Task description> For this listing, the lines between the one holding "Section BlockProducts." and the one holding "block_prod (rcons p", inclusive, must be set down exactly.
━━━━━━━━━━━━━━━━━━━━
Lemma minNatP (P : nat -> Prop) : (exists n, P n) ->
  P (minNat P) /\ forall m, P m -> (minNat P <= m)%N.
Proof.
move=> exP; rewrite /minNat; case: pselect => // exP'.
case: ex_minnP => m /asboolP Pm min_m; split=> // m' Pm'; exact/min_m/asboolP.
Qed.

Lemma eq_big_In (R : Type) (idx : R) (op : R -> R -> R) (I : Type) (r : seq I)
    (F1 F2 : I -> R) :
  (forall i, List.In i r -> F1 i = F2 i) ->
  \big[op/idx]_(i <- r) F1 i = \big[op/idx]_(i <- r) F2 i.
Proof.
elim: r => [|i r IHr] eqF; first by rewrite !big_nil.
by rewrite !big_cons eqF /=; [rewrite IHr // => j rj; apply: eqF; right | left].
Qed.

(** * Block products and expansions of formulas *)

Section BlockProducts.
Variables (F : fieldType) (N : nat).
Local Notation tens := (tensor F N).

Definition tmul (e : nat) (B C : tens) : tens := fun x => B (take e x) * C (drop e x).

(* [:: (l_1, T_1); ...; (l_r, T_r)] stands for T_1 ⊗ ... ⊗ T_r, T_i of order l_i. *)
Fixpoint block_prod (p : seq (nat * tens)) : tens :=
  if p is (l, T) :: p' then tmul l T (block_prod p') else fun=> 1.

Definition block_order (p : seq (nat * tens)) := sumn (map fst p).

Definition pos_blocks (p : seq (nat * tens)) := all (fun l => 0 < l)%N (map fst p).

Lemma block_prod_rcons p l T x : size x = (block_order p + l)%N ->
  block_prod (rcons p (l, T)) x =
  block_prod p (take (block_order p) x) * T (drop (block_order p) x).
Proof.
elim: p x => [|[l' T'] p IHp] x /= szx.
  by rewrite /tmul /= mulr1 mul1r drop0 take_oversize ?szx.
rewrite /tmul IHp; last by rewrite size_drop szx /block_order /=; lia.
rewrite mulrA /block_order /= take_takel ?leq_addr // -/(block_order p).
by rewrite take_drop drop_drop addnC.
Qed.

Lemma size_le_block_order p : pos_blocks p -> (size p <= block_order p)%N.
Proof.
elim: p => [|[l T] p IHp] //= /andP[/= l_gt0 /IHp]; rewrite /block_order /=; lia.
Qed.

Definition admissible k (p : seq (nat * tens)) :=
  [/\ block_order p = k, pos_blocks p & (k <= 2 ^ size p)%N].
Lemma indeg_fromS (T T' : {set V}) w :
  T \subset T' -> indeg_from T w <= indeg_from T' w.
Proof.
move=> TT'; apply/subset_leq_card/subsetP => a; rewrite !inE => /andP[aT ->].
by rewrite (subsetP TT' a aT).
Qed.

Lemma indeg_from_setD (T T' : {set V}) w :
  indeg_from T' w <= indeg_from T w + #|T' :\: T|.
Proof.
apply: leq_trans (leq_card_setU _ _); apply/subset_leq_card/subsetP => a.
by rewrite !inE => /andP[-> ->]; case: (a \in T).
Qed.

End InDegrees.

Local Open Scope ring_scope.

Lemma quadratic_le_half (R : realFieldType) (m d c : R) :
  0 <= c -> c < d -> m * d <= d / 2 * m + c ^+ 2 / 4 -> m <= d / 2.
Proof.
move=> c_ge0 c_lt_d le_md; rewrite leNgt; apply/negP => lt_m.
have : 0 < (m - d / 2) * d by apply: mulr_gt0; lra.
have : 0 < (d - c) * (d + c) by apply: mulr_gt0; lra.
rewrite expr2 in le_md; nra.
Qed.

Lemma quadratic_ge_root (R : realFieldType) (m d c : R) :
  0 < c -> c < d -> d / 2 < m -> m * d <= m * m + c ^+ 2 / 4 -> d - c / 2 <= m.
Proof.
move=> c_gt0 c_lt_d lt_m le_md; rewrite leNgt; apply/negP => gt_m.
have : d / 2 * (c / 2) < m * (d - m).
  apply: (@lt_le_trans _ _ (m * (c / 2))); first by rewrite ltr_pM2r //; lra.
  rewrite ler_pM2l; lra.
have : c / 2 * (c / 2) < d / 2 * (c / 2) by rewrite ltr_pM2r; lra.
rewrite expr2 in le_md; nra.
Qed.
━━━━━━━━━━━━━━━━━━━━
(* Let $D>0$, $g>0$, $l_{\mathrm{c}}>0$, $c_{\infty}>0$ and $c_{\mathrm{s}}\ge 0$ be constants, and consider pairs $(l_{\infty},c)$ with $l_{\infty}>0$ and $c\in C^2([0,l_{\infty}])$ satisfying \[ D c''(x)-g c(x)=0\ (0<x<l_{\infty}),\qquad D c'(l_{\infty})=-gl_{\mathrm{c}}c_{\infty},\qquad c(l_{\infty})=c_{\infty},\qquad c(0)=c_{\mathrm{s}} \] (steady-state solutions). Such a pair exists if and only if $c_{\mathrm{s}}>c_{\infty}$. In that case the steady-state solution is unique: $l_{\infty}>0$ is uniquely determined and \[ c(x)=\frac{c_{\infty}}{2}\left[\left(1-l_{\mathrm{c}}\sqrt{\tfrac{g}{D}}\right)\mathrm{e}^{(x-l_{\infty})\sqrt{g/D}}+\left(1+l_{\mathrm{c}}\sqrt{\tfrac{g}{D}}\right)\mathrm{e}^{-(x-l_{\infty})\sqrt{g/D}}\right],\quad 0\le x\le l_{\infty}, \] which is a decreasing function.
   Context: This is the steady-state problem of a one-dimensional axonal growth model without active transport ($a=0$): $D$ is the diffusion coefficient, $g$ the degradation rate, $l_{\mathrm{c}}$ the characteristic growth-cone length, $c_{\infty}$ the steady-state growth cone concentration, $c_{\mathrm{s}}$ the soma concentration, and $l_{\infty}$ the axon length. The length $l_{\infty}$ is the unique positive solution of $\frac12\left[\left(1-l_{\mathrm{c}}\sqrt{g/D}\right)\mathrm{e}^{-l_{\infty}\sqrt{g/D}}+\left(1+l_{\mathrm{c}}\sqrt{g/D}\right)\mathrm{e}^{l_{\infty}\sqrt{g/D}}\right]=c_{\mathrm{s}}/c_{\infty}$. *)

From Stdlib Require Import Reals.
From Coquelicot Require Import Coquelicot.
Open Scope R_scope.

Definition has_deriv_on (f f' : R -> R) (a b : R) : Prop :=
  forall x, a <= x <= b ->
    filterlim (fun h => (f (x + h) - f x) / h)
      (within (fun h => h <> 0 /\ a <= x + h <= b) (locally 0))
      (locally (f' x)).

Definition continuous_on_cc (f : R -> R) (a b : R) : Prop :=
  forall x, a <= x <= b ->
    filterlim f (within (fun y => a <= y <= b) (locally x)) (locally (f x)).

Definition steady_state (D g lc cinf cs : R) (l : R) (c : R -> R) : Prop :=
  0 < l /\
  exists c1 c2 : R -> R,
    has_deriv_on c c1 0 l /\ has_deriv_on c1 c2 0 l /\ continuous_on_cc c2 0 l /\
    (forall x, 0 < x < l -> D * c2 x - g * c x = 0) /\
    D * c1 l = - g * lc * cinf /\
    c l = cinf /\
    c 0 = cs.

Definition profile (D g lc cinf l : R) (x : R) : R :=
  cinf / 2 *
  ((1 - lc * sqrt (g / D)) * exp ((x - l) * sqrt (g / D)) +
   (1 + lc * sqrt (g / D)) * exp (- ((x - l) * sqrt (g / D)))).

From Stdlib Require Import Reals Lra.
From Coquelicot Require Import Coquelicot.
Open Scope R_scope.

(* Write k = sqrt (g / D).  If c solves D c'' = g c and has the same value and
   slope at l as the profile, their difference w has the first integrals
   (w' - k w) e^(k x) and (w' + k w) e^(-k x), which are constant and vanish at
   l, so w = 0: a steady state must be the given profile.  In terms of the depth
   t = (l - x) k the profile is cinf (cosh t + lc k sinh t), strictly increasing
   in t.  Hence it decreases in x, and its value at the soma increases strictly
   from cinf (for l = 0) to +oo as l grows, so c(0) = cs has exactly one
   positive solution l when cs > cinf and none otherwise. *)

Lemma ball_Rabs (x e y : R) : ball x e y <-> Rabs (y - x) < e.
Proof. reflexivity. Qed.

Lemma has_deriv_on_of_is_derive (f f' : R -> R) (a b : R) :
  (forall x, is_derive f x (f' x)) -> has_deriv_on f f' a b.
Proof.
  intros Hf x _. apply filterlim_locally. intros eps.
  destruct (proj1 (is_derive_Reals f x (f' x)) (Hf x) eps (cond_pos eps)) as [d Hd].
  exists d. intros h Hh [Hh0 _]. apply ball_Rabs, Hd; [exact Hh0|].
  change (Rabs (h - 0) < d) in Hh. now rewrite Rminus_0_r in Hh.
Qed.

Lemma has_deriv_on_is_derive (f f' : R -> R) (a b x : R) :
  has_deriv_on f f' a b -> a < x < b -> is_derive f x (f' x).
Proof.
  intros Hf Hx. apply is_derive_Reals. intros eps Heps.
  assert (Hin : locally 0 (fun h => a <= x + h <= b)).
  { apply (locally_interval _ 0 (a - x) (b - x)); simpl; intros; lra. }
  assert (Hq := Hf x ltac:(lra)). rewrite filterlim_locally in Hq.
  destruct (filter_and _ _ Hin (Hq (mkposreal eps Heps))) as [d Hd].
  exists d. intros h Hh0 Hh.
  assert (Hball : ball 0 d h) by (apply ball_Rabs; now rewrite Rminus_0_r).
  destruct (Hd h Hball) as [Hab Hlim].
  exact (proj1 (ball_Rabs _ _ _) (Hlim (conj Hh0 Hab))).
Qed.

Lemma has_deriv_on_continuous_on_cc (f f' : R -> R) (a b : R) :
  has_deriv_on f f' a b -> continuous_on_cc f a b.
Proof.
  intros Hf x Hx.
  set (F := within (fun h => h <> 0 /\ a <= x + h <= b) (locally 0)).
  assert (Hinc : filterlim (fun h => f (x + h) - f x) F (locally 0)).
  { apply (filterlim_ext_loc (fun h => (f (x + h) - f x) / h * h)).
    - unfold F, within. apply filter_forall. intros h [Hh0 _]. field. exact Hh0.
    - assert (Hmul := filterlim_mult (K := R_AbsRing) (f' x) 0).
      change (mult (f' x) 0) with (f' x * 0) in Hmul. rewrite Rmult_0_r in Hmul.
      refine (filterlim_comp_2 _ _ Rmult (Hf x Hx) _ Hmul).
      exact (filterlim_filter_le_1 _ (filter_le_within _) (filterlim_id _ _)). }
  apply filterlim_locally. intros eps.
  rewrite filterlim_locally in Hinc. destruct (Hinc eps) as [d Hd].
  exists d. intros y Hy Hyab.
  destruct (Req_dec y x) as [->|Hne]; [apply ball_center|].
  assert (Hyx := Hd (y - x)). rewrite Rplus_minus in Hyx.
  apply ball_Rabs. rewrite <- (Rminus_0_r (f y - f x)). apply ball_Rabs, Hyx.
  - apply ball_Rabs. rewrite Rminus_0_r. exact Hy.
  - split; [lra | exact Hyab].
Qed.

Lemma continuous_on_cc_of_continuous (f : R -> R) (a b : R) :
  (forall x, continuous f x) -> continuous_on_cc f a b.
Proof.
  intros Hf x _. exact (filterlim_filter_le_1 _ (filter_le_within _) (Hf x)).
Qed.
━━━━━━━━━━━━━━━━━━━━
Exercise result>
Section BlockProducts.
Variables (F : fieldType) (N : nat).
Local Notation tens := (tensor F N).

Definition tmul (e : nat) (B C : tens) : tens := fun x => B (take e x) * C (drop e x).

(* [:: (l_1, T_1); ...; (l_r, T_r)] stands for T_1 ⊗ ... ⊗ T_r, T_i of order l_i. *)
Fixpoint block_prod (p : seq (nat * tens)) : tens :=
  if p is (l, T) :: p' then tmul l T (block_prod p') else fun=> 1.

Definition block_order (p : seq (nat * tens)) := sumn (map fst p).

Definition pos_blocks (p : seq (nat * tens)) := all (fun l => 0 < l)%N (map fst p).

Lemma block_prod_rcons p l T x : size x = (block_order p + l)%N ->
  block_prod (rcons p (l, T)) x =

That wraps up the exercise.